There is a correlation among the observation sequence in a large number of training data, and thus a simple feature function cannot capture all the entities in CCNER tasks. Compared to the hidden Markov chain model that quickly falls into the local optimal results, CRF calculates conditional probability through the input data and makes normalization of global information to solve the annotation bias problem, which is suitable for named entity recognition task.

  1. III.

    Key techniques for achieving high accuracy in HDL

The transfer learning and semi-supervised learning technique are used to improve the performance of the proposed HDL module.

  1. 1)

    Transfer learning mechanism

The pretraining and finetuning is a popular trick in deep learning models, which require massive data to be trained. Generating the training data requires too much workforce to do the labeling job. Moreover, high-quality labeled data is challenging to obtain. Transfer learning can achieve excellent results even with a small amount of annotation data [38]. Pretraining the model weights based on a similar public dataset can achieve reasonable accuracy. For instance, Bert’s pretraining is a time-consuming task, and Google uses a large amount of Tensor Processing Unit (TPU) for pretraining Bert in millions of high-quality corpus. Ordinary companies use transfer learning on these pretrained models in finetuning their data for the weights, which can achieve outstanding accuracy on a small amount of labeled data and significantly reduce the computation complexity. At present, there are many pretraining models in the field of natural language processing, such as EMLO (allennlp.org/elmo), BERT (github.com/google-research/bert), GPT (github.com/openai/gpt-3), and XLNET (github.com/zihangdai/xlnet). When doing some downstream tasks, higher accuracy can be achieved by finetuning models.
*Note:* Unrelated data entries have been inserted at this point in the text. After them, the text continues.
(* Suppose $f$ satisfies (I), $f(\cdot,i,\mathbf q)\in C^1([0,\infty))$ for all $i,\mathbf q$, $f_t$ satisfies (I), and condition (R) holds. Let $Q^*\in\mathcal Q$ be a weak equilibrium and let $R=\{(i,Q)\in S\times(\mathcal Q\setminus\{Q^*\}):\Gamma^{Q^*}_i(Q^*_i)=\Gamma^{Q^*}_i(Q_i)\}$. If $\Lambda^{Q^*}(i,Q^* )>\Lambda^{Q^*}(i,Q)$ for all $(i,Q)\in R$, then $Q^*$ is a strong equilibrium. If $\Lambda^{Q^*}(i,Q^* )<\Lambda^{Q^*}(i,Q)$ for some $(i,Q)\in R$, then $Q^*$ is not a strong equilibrium.
   Context: Let $S=\{1,\dots,N\}$. For $i\in S$ let $E_i=\{q\in\mathbb R^N: q_j\ge0\text{ for }j\ne i,\ q_i=-\sum_{j\ne i}q_j\}$ and $D_i\subseteq E_i$ given; $\mathcal Q=\{Q\in\mathbb R^{N\times N}: Q_i\in D_i\ \forall i\}$, $Q_i$ the $i$-th row. For $Q\in\mathcal Q$, $X$ is a time-homogeneous continuous-time Markov chain on $S$ with generator $Q$, $\mathbb E_{i,Q}$ the expectation given $X_0=i$. A payoff function $f$ assigns $f(t,i,\mathbf q)\in\mathbb R$ to $t\ge0,i\in S,\mathbf q\in D_i$. Condition (I) for $g$: $\int_0^\infty\sup_{i\in S,\mathbf q\in D_i,\|\mathbf q\|\le c}|g(t,i,\mathbf q)|dt<\infty$ for all $c>0$. Condition (R): there is $r(t,\varepsilon;i,\mathbf q)$, continuous in $\varepsilon$, with $|f(t+\varepsilon,i,\mathbf q)-f(t,i,\mathbf q)-\varepsilon f_t(t,i,\mathbf q)|\le r(t,\varepsilon;i,\mathbf q)$, $\int_0^\infty r(t,\varepsilon;i,\mathbf q)dt<\infty$ for small $\varepsilon>0$, and $\varepsilon\mapsto r/\varepsilon$ nondecreasing. $F(i,Q)=\mathbb E_{i,Q}[\int_0^\infty f(t,X_t,Q_{X_t})dt]$, $G(i,Q)=\mathbb E_{i,Q}[\int_0^\infty f_t(t,X_t,Q_{X_t})dt]$, with vectors $F(Q),G(Q)\in\mathbb R^N$. $Q\otimes_\varepsilon Q'$: generator $Q$ on $[0,\varepsilon]$ then $Q'$ on $(\varepsilon,\infty)$, with expected payoff $F(i,Q\otimes_\varepsilon Q')$. Weak equilibrium: $\liminf_{\varepsilon\downarrow0}\varepsilon^{-1}(F(i,Q^* )-F(i,Q\otimes_\varepsilon Q^* ))\ge0$ for all $Q,i$. Strong equilibrium: for every $i,Q$ there is $\varepsilon>0$ with $F(i,Q^* )\ge F(i,Q\otimes_{\varepsilon'}Q^* )$ for all $0<\varepsilon'\le\varepsilon$. $\Gamma^{Q^*}_i(\mathbf q)=f(0,i,\mathbf q)+\mathbf q\cdot F(Q^* )$; $\Gamma^{Q^*}(Q)=(\Gamma^{Q^*}_1(Q_1),\dots,\Gamma^{Q^*}_N(Q_N))$; $\Lambda^{Q^*}(i,Q)=f_t(0,i,Q_i)+Q_i\cdot(2G(Q^* )+\Gamma^{Q^*}(Q))$. *)

From Stdlib Require Import Reals Lra ClassicalEpsilon Factorial.
Open Scope R_scope.

(* States are 0..N-1 (the paper's 1..N).  A row vector / generator row is a
   function nat -> R, required to vanish at indices >= N; a matrix is
   nat -> nat -> R, with zero rows at indices >= N. *)

Fixpoint sumN (n : nat) (g : nat -> R) : R :=
  match n with O => 0 | S m => sumN m g + g m end.

Definition vnorm (N : nat) (q : nat -> R) : R := sumN N (fun j => Rabs (q j)).

Definition InE (N : nat) (i : nat) (q : nat -> R) : Prop :=
  (forall j, (j < N)%nat -> j <> i -> 0 <= q j) /\
  q i = - sumN N (fun j => if Nat.eq_dec j i then 0 else q j) /\
  (forall j, (N <= j)%nat -> q j = 0).

Definition InQ (N : nat) (D : nat -> (nat -> R) -> Prop)
  (Q : nat -> nat -> R) : Prop :=
  (forall i, (i < N)%nat -> D i (Q i)) /\
  (forall i j, (N <= i)%nat -> Q i j = 0).

Definition matmul (N : nat) (A B : nat -> nat -> R) : nat -> nat -> R :=
  fun i j => sumN N (fun k => A i k * B k j).

Fixpoint matpow (N : nat) (Q : nat -> nat -> R) (k : nat) : nat -> nat -> R :=
  match k with
  | O => fun i j => if Nat.eq_dec i j then 1 else 0
  | S m => matmul N (matpow N Q m) Q
  end.

(* transition probabilities P(X_t = j | X_0 = i) = (exp(tQ))_{ij} *)
Definition trans (N : nat) (Q : nat -> nat -> R) (t : R) (i j : nat) : R :=
  epsilon (inhabits 0)
    (fun l => infinite_sum (fun k => t ^ k / INR (fact k) * matpow N Q k i j) l).

Definition improper_int0 (g : R -> R) (l : R) : Prop :=
  (forall T, 0 <= T -> inhabited (Riemann_integrable g 0 T)) /\
  forall e, e > 0 -> exists T0, forall T (pr : Riemann_integrable g 0 T),
      T0 <= T -> Rabs (RiemannInt pr - l) < e.

Definition Int0inf (g : R -> R) : R := epsilon (inhabits 0) (improper_int0 g).

(* "the (nonnegative) function described by P has finite integral over [0,oo)":
   P t y means "y <= value at t"; the lower integral (sup of integrals of
   Riemann integrable minorants over [0,T]) is finite. *)
Definition fin_int (P : R -> R -> Prop) : Prop :=
  exists M, forall T (phi : R -> R) (pr : Riemann_integrable phi 0 T),
    0 <= T -> (forall t, 0 <= t <= T -> P t (phi t)) -> RiemannInt pr <= M.

Definition Payoff := R -> nat -> (nat -> R) -> R.

Definition condI (N : nat) (D : nat -> (nat -> R) -> Prop) (g : Payoff) : Prop :=
  forall c, c > 0 ->
    fin_int (fun t y => forall d, d > 0 ->
       exists i q, (i < N)%nat /\ D i q /\ vnorm N q <= c /\ y - d <= Rabs (g t i q)).

Definition C1_with_deriv (N : nat) (D : nat -> (nat -> R) -> Prop) (f ft : Payoff) : Prop :=
  forall i q, (i < N)%nat -> D i q ->
    (forall t, 0 <= t -> forall e, e > 0 -> exists d, d > 0 /\
       forall h, h <> 0 -> Rabs h < d -> 0 <= t + h ->
         Rabs ((f (t + h) i q - f t i q) / h - ft t i q) < e) /\
    (forall t, 0 <= t -> forall e, e > 0 -> exists d, d > 0 /\
       forall s, 0 <= s -> Rabs (s - t) < d -> Rabs (ft s i q - ft t i q) < e).

Definition condR (N : nat) (D : nat -> (nat -> R) -> Prop) (f ft : Payoff) : Prop :=
  exists r : R -> R -> nat -> (nat -> R) -> R,
    forall i q, (i < N)%nat -> D i q ->
      (forall t e, 0 <= t -> e > 0 ->
          Rabs (f (t + e) i q - f t i q - e * ft t i q) <= r t e i q) /\
      (forall t e0, 0 <= t -> e0 > 0 -> forall a, a > 0 -> exists d, d > 0 /\
          forall e, e > 0 -> Rabs (e - e0) < d -> Rabs (r t e i q - r t e0 i q) < a) /\
      (exists e1, e1 > 0 /\ forall e, 0 < e < e1 ->
          fin_int (fun t y => y <= r t e i q)) /\
      (forall t e e', 0 <= t -> 0 < e -> e <= e' -> r t e i q / e <= r t e' i q / e').

Definition Fval (N : nat) (f : Payoff) (Q : nat -> nat -> R) (i : nat) : R :=
  Int0inf (fun t => sumN N (fun j => trans N Q t i j * f t j (Q j))).

Definition Fcomp (N : nat) (f : Payoff) (Q : nat -> nat -> R) (eps : R)
  (Q' : nat -> nat -> R) (i : nat) : R :=
  Int0inf (fun t =>
    if Rle_dec t eps then sumN N (fun j => trans N Q t i j * f t j (Q j))
    else sumN N (fun j =>
           sumN N (fun k => trans N Q eps i k * trans N Q' (t - eps) k j)
           * f t j (Q' j))).

Definition weak_eq (N : nat) (D : nat -> (nat -> R) -> Prop) (f : Payoff)
  (Qs : nat -> nat -> R) : Prop :=
  forall Q i, InQ N D Q -> (i < N)%nat ->
    forall d, d > 0 -> exists e0, e0 > 0 /\ forall e, 0 < e < e0 ->
      (Fval N f Qs i - Fcomp N f Q e Qs i) / e > - d.

Definition strong_eq (N : nat) (D : nat -> (nat -> R) -> Prop) (f : Payoff)
  (Qs : nat -> nat -> R) : Prop :=
  forall Q i, InQ N D Q -> (i < N)%nat ->
    exists e, e > 0 /\ forall e', 0 < e' <= e -> Fval N f Qs i >= Fcomp N f Q e' Qs i.

Definition Gamma (N : nat) (f : Payoff) (Qs : nat -> nat -> R) (i : nat) (q : nat -> R) : R :=
  f 0 i q + sumN N (fun j => q j * Fval N f Qs j).

Definition Lambda (N : nat) (f ft : Payoff) (Qs : nat -> nat -> R) (i : nat)
  (Q : nat -> nat -> R) : R :=
  ft 0 i (Q i) + sumN N (fun j => Q i j * (2 * Fval N ft Qs j + Gamma N f Qs j (Q j))).

Definition InRset (N : nat) (D : nat -> (nat -> R) -> Prop) (f : Payoff)
  (Qs : nat -> nat -> R) (i : nat) (Q : nat -> nat -> R) : Prop :=
  (i < N)%nat /\ InQ N D Q /\ Q <> Qs /\
  Gamma N f Qs i (Qs i) = Gamma N f Qs i (Q i).

(* Write [D(e) = F(i,Qs) - F(i, Q (x)_e Qs)].  By the Markov property at time [e],
   [F(i, Q (x)_e Qs) = int_0^e E_{i,Q} f(t, X_t, Q_{X_t}) dt + sum_k P^Q_e(i,k) H_k(e)], where [H_k(e)]
   is the value from [k] under [Qs] with the clock advanced by [e].  Expanding
   [P^Q_e = I + e Q + e^2 Q^2 / 2 + O(e^3)], the integrand to first order (f is C^1) and
   [H_k(e) = F(k,Qs) + e G(k,Qs) + o(e)] (condition (R)) gives [D(e) = c1 e + c2 e^2 + o(e^2)] with
   [c1 = Gamma_i(Qs_i) - Gamma_i(Q_i)] and [2 c2 = Lambda(i,Qs) - Lambda(i,Q)].  Weak equilibrium
   forces [c1 >= 0]; if [c1 > 0] then [D > 0] near [0], and on [R], where [c1 = 0], the sign of [D]
   near [0] is that of [c2]. *)

From Stdlib Require Import Reals Lra Lia ClassicalEpsilon Factorial.
From Coquelicot Require Import Coquelicot.
Open Scope R_scope.

(** * Finite sums and matrices *)

Definition kron (i j : nat) : R := if Nat.eq_dec i j then 1 else 0.

Lemma sumN_ext n g h : (forall j, (j < n)%nat -> g j = h j) -> sumN n g = sumN n h.
Proof.
  induction n as [|n IH]; intros E; simpl; [reflexivity|].
  rewrite IH, E; [reflexivity | lia | intros; apply E; lia].
Qed.

Lemma sumN_add n g h : sumN n (fun j => g j + h j) = sumN n g + sumN n h.
Proof. induction n; simpl; [lra | rewrite IHn; lra]. Qed.

Lemma sumN_sub n g h : sumN n (fun j => g j - h j) = sumN n g - sumN n h.
Proof. induction n; simpl; [lra | rewrite IHn; lra]. Qed.

Lemma sumN_scal_l n c g : sumN n (fun j => c * g j) = c * sumN n g.
Proof. induction n; simpl; [lra | rewrite IHn; lra]. Qed.

Lemma sumN_scal_r n c g : sumN n (fun j => g j * c) = sumN n g * c.
Proof. induction n; simpl; [lra | rewrite IHn; lra]. Qed.

Lemma sumN_const n c : sumN n (fun _ => c) = INR n * c.
Proof. induction n; simpl sumN; [simpl; lra | rewrite IHn, S_INR; lra]. Qed.

Lemma sumN_zero n : sumN n (fun _ => 0) = 0.
Proof. rewrite sumN_const; lra. Qed.

Lemma sumN_exchange n m g :
  sumN n (fun i => sumN m (fun j => g i j)) = sumN m (fun j => sumN n (fun i => g i j)).
Proof. induction n; simpl; [now rewrite sumN_zero | now rewrite IHn, <- sumN_add]. Qed.

Lemma sumN_abs n g : Rabs (sumN n g) <= sumN n (fun j => Rabs (g j)).
Proof.
  induction n; simpl; [rewrite Rabs_R0; lra|].
  eapply Rle_trans; [apply Rabs_triang | lra].
Qed.

Lemma sumN_le n g h : (forall j, (j < n)%nat -> g j <= h j) -> sumN n g <= sumN n h.
Proof.
  induction n; simpl; intros H; [lra|].
  assert (g n <= h n) by (apply H; lia).
  assert (sumN n g <= sumN n h) by (apply IHn; intros; apply H; lia).
  lra.
Qed.

Lemma sumN_ge0 n g : (forall j, (j < n)%nat -> 0 <= g j) -> 0 <= sumN n g.
Proof. intros H. rewrite <- (sumN_zero n). now apply sumN_le. Qed.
This study uses the Chinese electronic medical record dataset from CCKS 2017 (biendata.xyz/competition/CCKS2017_2/) to perform a pretraining of the proposed HDL module. The test evaluation shows the accuracy of the pretrained HDL module is up to 92%, which is comparable in accuracy with other algorithms [39, 40]. Then, the pretrained HDL is transferred using labeled CCNER data from CHPS.

  1. 2)

    Semi-supervised learning mechanism

Another technique for achieving high accuracy in HDL is the semi-supervised learning mechanism. Semi-supervised learning is to use unlabeled data for marking, and then train with the labeled data to increase the scale of training data [41]. Semi-supervised learning can be summarized into three categories: 1) pretraining with unlabeled data (including unsupervised or pseudo-supervised pretraining), then finetuning with label data; 2) Semi-supervised algorithm based on network features (use labeled data to train the network, then use the trained network features to classify the unlabeled data, and finally select some useful unlabeled data to add to the training set); and 3) make the network work in self-training semi-supervised fashion (use the trained network to predict the label of unlabeled data).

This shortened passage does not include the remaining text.